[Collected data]
######

(* Let $\gamma$ be a POS for which there is a constant $c>0$ such that for every cylinder set $A$ there exists a time box $\Lambda$ with $A\in\mathcal F_{S\setminus\Lambda_+}$ and $\gamma_\Lambda(A,\omega)\ge c\,\gamma_\Lambda(A,\xi)$ for all $\omega,\xi\in\Omega$. Then $|\mathcal G(\gamma)|\le1$.
   Context: $(S,\le)$ is a countable partially ordered set. For $x\in S$ write $x_-=\{y\in S:y<x\}$, $x_+=\{y\in S:y>x\}$. For $\Upsilon\subset S$: $\max(\Upsilon)=\{x\in\Upsilon: y\notin\Upsilon\text{ for all }y>x\}$, $\min(\Upsilon)=\{x\in\Upsilon: y\notin\Upsilon\text{ for all }y<x\}$, the past $\Upsilon_-=\{x\in S\setminus\Upsilon:\exists y\in\Upsilon,\ x<y\}$, the future $\Upsilon_+=\{x\in S\setminus\Upsilon:\exists y\in\Upsilon,\ x>y\}$, and the outer time $\Upsilon^*=\{x\in S: x\text{ is comparable with no }y\in\Upsilon\}$. Standing assumptions: for every $x\in S$, $\max(x_-)$ and $\min(x_+)$ are finite, every $y<x$ satisfies $y\le y_0<x$ for some $y_0\in\max(x_-)$, every $z>x$ satisfies $z\ge z_0>x$ for some $z_0\in\min(x_+)$; and $S$ has no minimal element. A finite set $\Lambda\subset S$ is a time box if $\Lambda_-\cap\Lambda_+=\emptyset$. $(E,\mathcal E)$ is a measurable space, $\Omega=E^S$ with product $\sigma$-algebra $\mathcal F$; $\mathcal F_\Upsilon$ is generated by coordinates in $\Upsilon$; a cylinder set is an element of $\mathcal F_\Delta$ for some finite $\Delta$. A proper oriented kernel on a time box $\Lambda$ is a map $\gamma_\Lambda:\mathcal F_{S\setminus\Lambda_+}\times\Omega\to[0,1]$ such that (a) $\gamma_\Lambda(\cdot,\omega)$ is a probability measure; (b) $\gamma_\Lambda(A,\cdot)$ is $\mathcal F_{\Lambda_-\cup\Lambda^*}$-measurable for $A\in\mathcal F_{S\setminus\Lambda_+}$; (c) $\gamma_\Lambda(A,\cdot)$ is $\mathcal F_{\Lambda_-}$-measurable for $A\in\mathcal F_\Lambda$; (d) $\gamma_\Lambda(B,\omega)=\mathbf 1_B(\omega)$ for $B\in\mathcal F_{\Lambda_-\cup\Lambda^*}$. Compositions $(\gamma_\Delta\gamma_\Lambda)(f\mid\omega)=\int\gamma_\Lambda(f\mid\sigma)\gamma_\Delta(d\sigma,\omega)$, $(\mu\gamma_\Lambda)(f)=\int\gamma_\Lambda(f\mid\sigma)\mu(d\sigma)$ with $\gamma_\Lambda(f\mid\omega)=\int f\,d\gamma_\Lambda(\cdot,\omega)$. A POS is a family $\gamma=(\gamma_\Lambda)$ of proper oriented kernels indexed by all time boxes with $\gamma_\Delta\gamma_\Lambda=\gamma_\Delta$ on $\mathcal F_{S\setminus\Lambda_+}$ whenever $\Lambda\subset\Delta$. $\mathcal G(\gamma)$ is the set of probability measures $\mu$ with $\mu\gamma_\Lambda=\mu$ on $\mathcal F_{S\setminus\Lambda_+}$ for all time boxes $\Lambda$. *)

From HB Require Import structures.
From mathcomp Require Import all_boot all_order all_algebra.
From mathcomp Require Import all_classical all_reals all_analysis measurable_realfun.
Set Implicit Arguments. Unset Strict Implicit. Unset Printing Implicit Defensive.
Import Order.TTheory GRing.Theory Num.Theory.
Local Open Scope classical_set_scope.
Local Open Scope ring_scope.

Section Poset.
Variables (S : Type) (le : S -> S -> Prop).

Definition lt (x y : S) : Prop := le x y /\ x <> y.

Definition xminus (x : S) : set S := [set y | lt y x].
Definition xplus (x : S) : set S := [set y | lt x y].

Definition maxs (U : set S) : set S := [set x | U x /\ forall y, lt x y -> ~ U y].
Definition mins (U : set S) : set S := [set x | U x /\ forall y, lt y x -> ~ U y].

Definition past (U : set S) : set S := [set x | ~ U x /\ exists y, U y /\ lt x y].
Definition future (U : set S) : set S := [set x | ~ U x /\ exists y, U y /\ lt y x].
Definition outer (U : set S) : set S :=
  [set x | forall y, U y -> ~ (le x y \/ le y x)].

Record standing_poset : Prop := {
  sp_refl : forall x, le x x;
  sp_antisym : forall x y, le x y -> le y x -> x = y;
  sp_trans : forall x y z, le x y -> le y z -> le x z;
  sp_countable : exists f : S -> nat, injective f;
  sp_max_fin : forall x, finite_set (maxs (xminus x));
  sp_min_fin : forall x, finite_set (mins (xplus x));
  sp_max_cover : forall x y, lt y x -> exists2 y0, maxs (xminus x) y0 & le y y0;
  sp_min_cover : forall x z, lt x z -> exists2 z0, mins (xplus x) z0 & le z0 z;
  sp_no_min : forall x, exists y, lt y x }.

Definition time_box (L : set S) : Prop :=
  finite_set L /\ past L `&` future L = set0.

End Poset.

Section Config.
Variables (S : Type) (d : measure_display) (E : measurableType d).

Definition cylgen (U : set S) : set (set (S -> E)) :=
  [set A | exists x B, U x /\ measurable B /\ A = (fun w : S -> E => w x) @^-1` B].

Definition FU (U : set S) (A : set (S -> E)) : Prop := <<s cylgen U >> A.

Definition cylinder (A : set (S -> E)) : Prop :=
  exists D : set S, finite_set D /\ FU D A.

End Config.
Arguments cylgen {S d} E U.
Arguments FU {S d} E U A.
Arguments cylinder {S d} E A.

Notation OmegaU E U := (g_sigma_algebraType (@cylgen _ _ E U)).

Section Kernels.
Variables (S : Type) (le : S -> S -> Prop) (d : measure_display)
  (E : measurableType d) (R : realType).

Definition FU_measurable (U : set S) (f : (S -> E) -> \bar R) : Prop :=
  @measurable_fun _ _ (OmegaU E U) _ setT f.

(* A family of kernels: for each L, omega, a probability measure on F_{S \ L_+} *)
Definition kernel_family :=
  forall (L : set S), (S -> E) -> probability (OmegaU E (~` future le L)) R.

Definition proper_oriented (g : kernel_family) (L : set S) : Prop :=
  (forall A, FU E (~` future le L) A ->
     FU_measurable (past le L `|` outer le L) (fun w => g L w A)) /\
  (forall A, FU E L A -> FU_measurable (past le L) (fun w => g L w A)) /\
  (forall B, FU E (past le L `|` outer le L) B ->
     forall w, g L w B = ((\1_B w : R))%:E).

######

● **Exercise directions**
Among the lines above, repeat exactly those from the line with "Definition time_box (L" to the line with "End Config.", counting both ends.

● **Expected output**
Definition time_box (L : set S) : Prop :=
  finite_set L /\ past L `&` future L = set0.

End Poset.

Section Config.
Variables (S : Type) (d : measure_display) (E : measurableType d).

Definition cylgen (U : set S) : set (set (S -> E)) :=
  [set A | exists x B, U x /\ measurable B /\ A = (fun w : S -> E => w x) @^-1` B].

Definition FU (U : set S) (A : set (S -> E)) : Prop := <<s cylgen U >> A.

Definition cylinder (A : set (S -> E)) : Prop :=
  exists D : set S, finite_set D /\ FU D A.

End Config.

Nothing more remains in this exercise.